Please add this badge to the README of your package repository:
[![Status at rOpenSci Software Peer Review](https://badges.ropensci.org/532_status.svg)](https://github.com/ropensci/software-review/issues/532)
Furthermore, if your package does not have a NEWS.md file yet, please create one to capture the changes made during the review process. See https://devguide.ropensci.org/releasing.html#news
Done! Looking forward to the review.
Hi @tdhock,
Thank you for acting as the editor of this submission. I have recently added a paper.md file to the repository in hopes that aorsf
can be eligible for an expedited review at the Journal of Open Source Software after the ropensci review. Can you let me know if any other files are needed or if other actions are needed from me to qualify for an expedited review at JOSS? Thank you!

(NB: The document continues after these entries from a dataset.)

(* Let $q=2^m$ with $m\ge2$, $c\in\mathrm{GF}(q^2)^*\setminus U_{q+1}$, and $e$ an integer with $1\le e\le q$. Let $a_0+a_1u+\cdots+a_qu^q$ ($a_i\in\mathrm{GF}(q^2)$) be the polynomial expansion of the function $U_{q+1}\to\mathrm{GF}(q^2)$, $u\mapsto\left(\frac{u+c^q}{cu+1}\right)^e$. Then $a_0=0$ and $a_1=c^{q(e-1)}$.
   Context: $U_{q+1}$ denotes the set of $(q+1)$-th roots of unity in $\mathrm{GF}(q^2)$. The polynomial expansion of a function $f:U_{q+1}\to\mathrm{GF}(q^2)$ is the unique polynomial $\sum_{i=0}^{q}a_iu^i$ of degree at most $q$ with $f(u)=\sum_{i=0}^q a_iu^i$ for all $u\in U_{q+1}$. *)

From HB Require Import structures.
From mathcomp Require Import all_boot all_order all_algebra all_field.
Set Implicit Arguments. Unset Strict Implicit. Unset Printing Implicit Defensive.
Import GRing.Theory.
Local Open Scope ring_scope.

Definition unit_roots (F : fieldType) (q : nat) : pred F :=
  fun u => u ^+ q.+1 == 1.

(* p : {poly F} is the polynomial expansion of f : U_{q+1} -> F:
   degree at most q (size <= q+1) and agreeing with f on U_{q+1}.
   (Such a polynomial is unique by interpolation, since |U_{q+1}| = q+1.) *)
Definition poly_expansion (F : fieldType) (q : nat) (f : F -> F) (p : {poly F}) :=
  (size p <= q.+1)%N /\ forall u, unit_roots q u -> p.[u] = f u.

(* Since q is even, q + 1 = 1 in GF(q^2), so the coefficients of the expansion
   of f on the group U of (q+1)-th roots of unity are the discrete Fourier
   coefficients a_k = sum_(u in U) f(u) u^(q+1-k), with U enumerated by the powers
   of a primitive root w.  In characteristic 2 the matrix [[1, c^q], [c, 1]] of
   the Moebius map g(u) = (u + c^q) / (c u + 1) squares to the scalar
   1 + c^(q+1) <> 0, so g is an involution of U; and u^q = u^-1 on U gives
   g(u)^q = 1 / g(u).  Substituting u := g(u) turns a_0 into sum_u u^e = 0 and
   a_1 into sum_u u^e (c u + 1) / (u + c^q).  Expanding
   1 / (u + c^q) = (1 + c^(q+1))^-1 sum_j u^(q-j) c^(qj) and using orthogonality
   of the characters u |-> u^k of U leaves only the terms j = e and j = e - 1,
   which add up to c^(q(e-1)). *)

From HB Require Import structures.
From mathcomp Require Import all_boot all_order all_algebra all_field all_solvable.
From mathcomp Require Import ring zify.
Set Implicit Arguments.
Unset Strict Implicit.
Unset Printing Implicit Defensive.
Import GRing.Theory.
Local Open Scope ring_scope.

Lemma dvdn_add_subn n a j : (a < n)%N -> (j < n)%N -> (n %| a + (n - j))%N = (j == a).
Proof.
move=> ltan ltjn; apply/idP/eqP => [/dvdnP[[|[|k]] Ek] | ->].
- by move: Ek; rewrite mul0n; lia.
- by move: Ek; rewrite mul1n; lia.
- by move: Ek; rewrite !mulSn; lia.
- by rewrite subnKC // ltnW.
Qed.

Lemma sum_mul_delta (R : pzSemiRingType) n k (G : nat -> R) (x : R) : (k < n)%N ->
  \sum_(j < n) G j * (if j == k :> nat then x else 0) = G k * x.
Proof.
move=> ltkn; under eq_bigr => j _ do rewrite (fun_if ( *%R (G j))) mulr0.
by rewrite -big_mkcond (big_ord1_eq _ (fun j => G j * x)) ltkn.
Qed.

Lemma finField_prim_root (F : finFieldType) n :
  (n %| #|F|.-1)%N -> exists w : F, n.-primitive_root w.
Proof.
move=> dvd_n.
have F_gt1 : (1 < #|F|)%N := finNzRing_gt1 _.
have F_gt0 : (0 < #|F|.-1)%N by rewrite -subn1 subn_gt0.
have /hasP[z _ z_prim] : has (#|F|.-1).-primitive_root (enum (predC1 (0 : F))).
  apply: has_prim_root => //; last by rewrite -cardE cardC1.
  - apply/allP => x; rewrite mem_enum /= => x_neq0; rewrite unity_rootE.
    by apply/eqP/(mulIf x_neq0); rewrite -exprSr prednK ?expf_card ?mul1r // ltnW.
  - exact: enum_uniq.
by exists (z ^+ (#|F|.-1 %/ n)); apply: dvdn_prim_root.
Qed.

Section PrimitiveRootSums.
Variables (F : fieldType) (n : nat) (w : F).
Hypothesis w_prim : n.-primitive_root w.

Lemma prim_root_expX_order i : (w ^+ i) ^+ n = 1.
Proof. by rewrite exprAC (prim_expr_order w_prim) expr1n. Qed.

Lemma sum_prim_root_exp t :
  \sum_(i < n) (w ^+ i) ^+ t = if (n %| t)%N then n%:R else 0.
Proof.
under eq_bigr do rewrite exprAC.
case: ifPn => [/dvdnP[k ->] | n_ndvd_t].
  under eq_bigr do rewrite mulnC exprM (prim_expr_order w_prim) !expr1n.
  by rewrite sumr_const card_ord.
have wt_neq1 : w ^+ t != 1.
  by rewrite -(expr0 w) (eq_prim_root_expr w_prim) mod0n.
apply/eqP; have := subrX1 (w ^+ t) n.
rewrite exprAC (prim_expr_order w_prim) expr1n subrr => /esym/eqP.
by rewrite mulf_eq0 subr_eq0 (negbTE wt_neq1).
Qed.

Lemma sum_prim_root_orthogonal a j : (a < n)%N -> (j < n)%N ->
  \sum_(i < n) (w ^+ i) ^+ (a + (n - j)) = if j == a then n%:R else 0.
Proof. by move=> ltan ltjn; rewrite sum_prim_root_exp dvdn_add_subn. Qed.

Lemma coef_prim_root_interp (p : {poly F}) k : (size p <= n)%N -> (k < n)%N ->
  n%:R * p`_k = \sum_(i < n) p.[w ^+ i] * (w ^+ i) ^+ (n - k).
Proof.
move=> size_p ltkn.
under eq_bigr do rewrite (horner_coef_wide _ size_p) mulr_suml.
rewrite exchange_big /=.
under eq_bigr => j _.
  under eq_bigr do rewrite -mulrA -exprD.
  rewrite -mulr_sumr sum_prim_root_orthogonal // eq_sym.
  over.
by rewrite sum_mul_delta // mulrC.
Qed.

Lemma sum_prim_root_involution (g G : F -> F) :
  (forall u, u ^+ n = 1 -> g u ^+ n = 1) -> (forall u, u ^+ n = 1 -> g (g u) = u) ->
  \sum_(i < n) G (g (w ^+ i)) = \sum_(i < n) G (w ^+ i).
Proof.
move=> gU gK.
pose h (i : 'I_n) := sval (prim_rootP w_prim (gU _ (prim_root_expX_order i))).
have hE (i : 'I_n) : g (w ^+ i) = w ^+ h i := svalP (prim_rootP w_prim _).
have h_inj : injective h.
  move=> i j /(congr1 (fun k : 'I_n => g (w ^+ k))).
  rewrite -!hE !gK ?prim_root_expX_order // => /eqP.
  by rewrite (eq_prim_root_expr w_prim) !modn_small // => /eqP/val_inj.
by rewrite [RHS](reindex_inj h_inj); apply: eq_bigr => i _; rewrite hE.
Qed.
End PrimitiveRootSums.

Definition moebius {F : fieldType} (c d u : F) := (u + d) / (c * u + 1).

Lemma moebiusK (F : fieldType) (c d u : F) : 2 \in [pchar F] ->
  1 + c * d != 0 -> c * u + 1 != 0 -> moebius c d (moebius c d u) = u.
Proof.
move=> F_char2 cd_neq0 den_neq0.
have num_E : (u + d) + d * (c * u + 1) = u * (1 + c * d).
  by rewrite -[RHS]addr0 -(addrr_pchar2 F_char2 d); ring.
have den_E : c * (u + d) + (c * u + 1) = 1 + c * d.
  by rewrite -[RHS]addr0 -(addrr_pchar2 F_char2 (c * u)); ring.
have gd_E : moebius c d u + d = u * (1 + c * d) / (c * u + 1).
  by rewrite -num_E /moebius; field.
have cg1_E : c * moebius c d u + 1 = (1 + c * d) / (c * u + 1).
  by rewrite -den_E /moebius; field.
by rewrite {1}/moebius gd_E cg1_E; field; rewrite cd_neq0 den_neq0.
Qed.

Section MoebiusOnUnitCircle.
Variables (F : fieldType) (m : nat) (c : F).
Local Notation q := (2 ^ m)%N.
Local Notation d := (c ^+ q).
Local Notation g := (moebius c d).
Hypotheses (m_gt0 : (0 < m)%N) (F_char2 : 2 \in [pchar F]).
Hypotheses (d_expq : d ^+ q = c) (c_notin_U : c ^+ q.+1 != 1).

Lemma natr_Sq : q.+1%:R = 1 :> F.
Proof.
by rewrite -addn1 natrD natrX (pcharf0 F_char2) expr0n eqn0Ngt m_gt0 add0r.
Qed.

Lemma exprDq (x y : F) : (x + y) ^+ q = x ^+ q + y ^+ q.
Proof.
apply: exprDn_pchar; rewrite (eq_pnat _ (pcharf_eq F_char2)).
by rewrite pnatX pnat_id.
Qed.

Lemma one_add_cd_neq0 : 1 + c * d != 0.
Proof.
by apply: contra c_notin_U; rewrite addr_eq0 oppr_pchar2 // eq_sym exprS.
Qed.

Lemma mul_unit_root_add1_neq0 u : u ^+ q.+1 = 1 -> c * u + 1 != 0.
Proof.
move=> uU; apply: contra c_notin_U; rewrite addr_eq0 oppr_pchar2 // => /eqP cu1.
by rewrite -(mulr1 (c ^+ _)) -[X in _ * X]uU -exprMn cu1 expr1n.
Qed.

Lemma expq_mul_unit_root_add1 u : u ^+ q.+1 = 1 -> (c * u + 1) ^+ q = u ^+ q * (u + d).
Proof.
by move=> uU; rewrite exprDq exprMn expr1n mulrDr -exprSr uU mulrC addrC.
Qed.

Lemma unit_root_add_d_neq0 u : u ^+ q.+1 = 1 -> u + d != 0.
Proof.
move=> uU; have : (c * u + 1) ^+ q != 0 by rewrite expf_neq0 ?mul_unit_root_add1_neq0.
by rewrite expq_mul_unit_root_add1 // mulf_eq0 negb_or => /andP[].
Qed.

Lemma moebius_expq u : u ^+ q.+1 = 1 -> g u ^+ q = (c * u + 1) / (u + d).
Proof.
move=> uU; have uq_neq0 : u ^+ q != 0.
  by apply/eqP => uq0; move: uU; rewrite exprSr uq0 mul0r => /eqP; rewrite eq_sym oner_eq0.
have num_E : u ^+ q + c = u ^+ q * (c * u + 1).
  by rewrite mulrDr mulr1 mulrCA -exprSr uU mulr1 addrC.
rewrite /moebius expr_div_n exprDq d_expq expq_mul_unit_root_add1 // num_E.
by field; rewrite uq_neq0 unit_root_add_d_neq0.
Qed.

Lemma moebius_unit_root u : u ^+ q.+1 = 1 -> g u ^+ q.+1 = 1.
Proof.
move=> uU; rewrite exprS moebius_expq // /moebius.
by field; rewrite unit_root_add_d_neq0 ?mul_unit_root_add1_neq0.
Qed.

Lemma moebius_unit_rootK u : u ^+ q.+1 = 1 -> g (g u) = u.
Proof. by move=> uU; rewrite moebiusK ?one_add_cd_neq0 ?mul_unit_root_add1_neq0. Qed.

Lemma mul_add_d_geometric u : u ^+ q.+1 = 1 ->
  (u + d) * \sum_(j < q.+1) u ^+ (q - j) * d ^+ j = 1 + c * d.
Proof.
move=> uU; have := subrXX u d q.+1.
by rewrite uU exprSr d_expq !oppr_pchar2 // => <-.
Qed.

Lemma exp_mul_moebius_expqE u e : u ^+ q.+1 = 1 -> (0 < e)%N ->
  u ^+ e * g u ^+ q = (1 + c * d)^-1 *
    \sum_(j < q.+1) d ^+ j * (c * u ^+ (e + (q.+1 - j)) + u ^+ (e.-1 + (q.+1 - j))).
Proof.
move=> uU e_gt0; set S := \sum_(j < q.+1) u ^+ (q - j) * d ^+ j.
have S_E : S = (1 + c * d) / (u + d).
  by rewrite -(mul_add_d_geometric uU) -/S; field; rewrite unit_root_add_d_neq0.
have -> : \sum_(j < q.+1) d ^+ j * (c * u ^+ (e + (q.+1 - j)) + u ^+ (e.-1 + (q.+1 - j)))
    = u ^+ e * (c * u + 1) * S.
  rewrite mulr_sumr; apply: eq_bigr => j _.
  have j_le_q : (j <= q)%N := ltn_ord j.
  by rewrite subSn // !addnS -!addSn prednK // !exprD !exprS; ring.
rewrite moebius_expq // S_E; field.
by rewrite one_add_cd_neq0 unit_root_add_d_neq0.
Qed.

Variable w : F.
Hypothesis w_prim : q.+1.-primitive_root w.

Lemma sum_moebius_exp e : (0 < e < q.+1)%N -> \sum_(i < q.+1) g (w ^+ i) ^+ e = 0.
Proof.
case/andP=> e_gt0 lt_e_n.
rewrite (sum_prim_root_involution w_prim (fun u => u ^+ e)
  moebius_unit_root moebius_unit_rootK).
by rewrite sum_prim_root_exp // gtnNdvd.
Qed.

Lemma sum_exp_mul_moebius_expq e : (0 < e < q.+1)%N ->
  \sum_(i < q.+1) (w ^+ i) ^+ e * g (w ^+ i) ^+ q = d ^+ e.-1.
Proof.
case/andP=> e_gt0 lt_e_n; have lt_e1_n := leq_ltn_trans (leq_pred e) lt_e_n.
under eq_bigr do rewrite exp_mul_moebius_expqE ?(prim_root_expX_order w_prim) //.
rewrite -mulr_sumr exchange_big /=.
under eq_bigr => j _.
  rewrite -mulr_sumr big_split /= -mulr_sumr !sum_prim_root_orthogonal ?natr_Sq //.
  rewrite mulrDr mulrA.
  over.
rewrite /= big_split /= (sum_mul_delta (fun j => d ^+ j * c)) // sum_mul_delta //.
rewrite -[in d ^+ e](prednK e_gt0) exprS.
by field; rewrite one_add_cd_neq0.
Qed.

Lemma sum_moebius_exp_mul_expq e : (0 < e < q.+1)%N ->
  \sum_(i < q.+1) g (w ^+ i) ^+ e * (w ^+ i) ^+ q = d ^+ e.-1.
Proof.
move=> e_range; rewrite -(sum_exp_mul_moebius_expq e_range).
rewrite -(sum_prim_root_involution w_prim (fun u => u ^+ e * g u ^+ q)
  moebius_unit_root moebius_unit_rootK).
by apply: eq_bigr => i _; rewrite moebius_unit_rootK ?(prim_root_expX_order w_prim).
Qed.
End MoebiusOnUnitCircle.

Theorem lemma10 (F : finFieldType) (m q : nat) (hm : (2 <= m)%N) (hq : q = (2 ^ m)%N)
  (hF : #|F| = (q ^ 2)%N) (c : F) (hc0 : c != 0) (hcU : ~~ unit_roots q c)
  (e : nat) (he : (1 <= e <= q)%N) (p : {poly F})
  (hp : poly_expansion q (fun u => ((u + c ^+ q) / (c * u + 1)) ^+ e) p) :
  p`_0 = 0 /\ p`_1 = c ^+ (q * (e - 1)).
Proof.
subst q; set q := (2 ^ m)%N; have m_gt0 : (0 < m)%N := ltnW hm.
have F_char2 : 2 \in [pchar F].
  by apply: (@card_finPcharP _ _ (m * 2)); rewrite // hF -expnM.
have d_expq : (c ^+ q) ^+ q = c by rewrite -exprM mulnn -hF expf_card.
have [w w_prim] : exists w : F, q.+1.-primitive_root w.
  apply: finField_prim_root.
  by rewrite hF -subn1 -[X in (_ - X)%N](exp1n 2) subn_sqr addn1 dvdn_mull.
have [size_p p_E] := hp.
have coefE k : (k < q.+1)%N ->
    p`_k = \sum_(i < q.+1) moebius c (c ^+ q) (w ^+ i) ^+ e * (w ^+ i) ^+ (q.+1 - k).
  move=> lt_k; rewrite -[LHS]mul1r -(natr_Sq m_gt0 F_char2).
  rewrite (coef_prim_root_interp w_prim) //; apply: eq_bigr => i _.
  by rewrite p_E //; apply/eqP/(prim_root_expX_order w_prim).
have e_range : (0 < e < q.+1)%N by rewrite ltnS.
split.
- rewrite coefE //; under eq_bigr do rewrite subn0 (prim_root_expX_order w_prim) mulr1.
  exact: sum_moebius_exp.
- rewrite coefE ?ltnS ?expn_gt0 // subn1.
  by rewrite sum_moebius_exp_mul_expq // -exprM subn1.
Qed.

I'm not sure about the expedited JOSS review. You may ask @noamross or @mpadge
@bcjaeger The paper.md
file should be sufficient. For JOSS submission, after RO review is complete you should submit to JOSS and link to this review thread in the pre-review JOSS thread. JOSS editors will review the paper.md and can opt to use RO's software reviews rather than finding additional reviewers.
Thanks, @noamross! That makes sense.
Hi @tdhock, I see we are still seeking reviewers. Is there anything I can do to help find reviewers for this submission?
I have asked a few people to review but no one has agreed yet, do you have any idea for potential reviewers to ask?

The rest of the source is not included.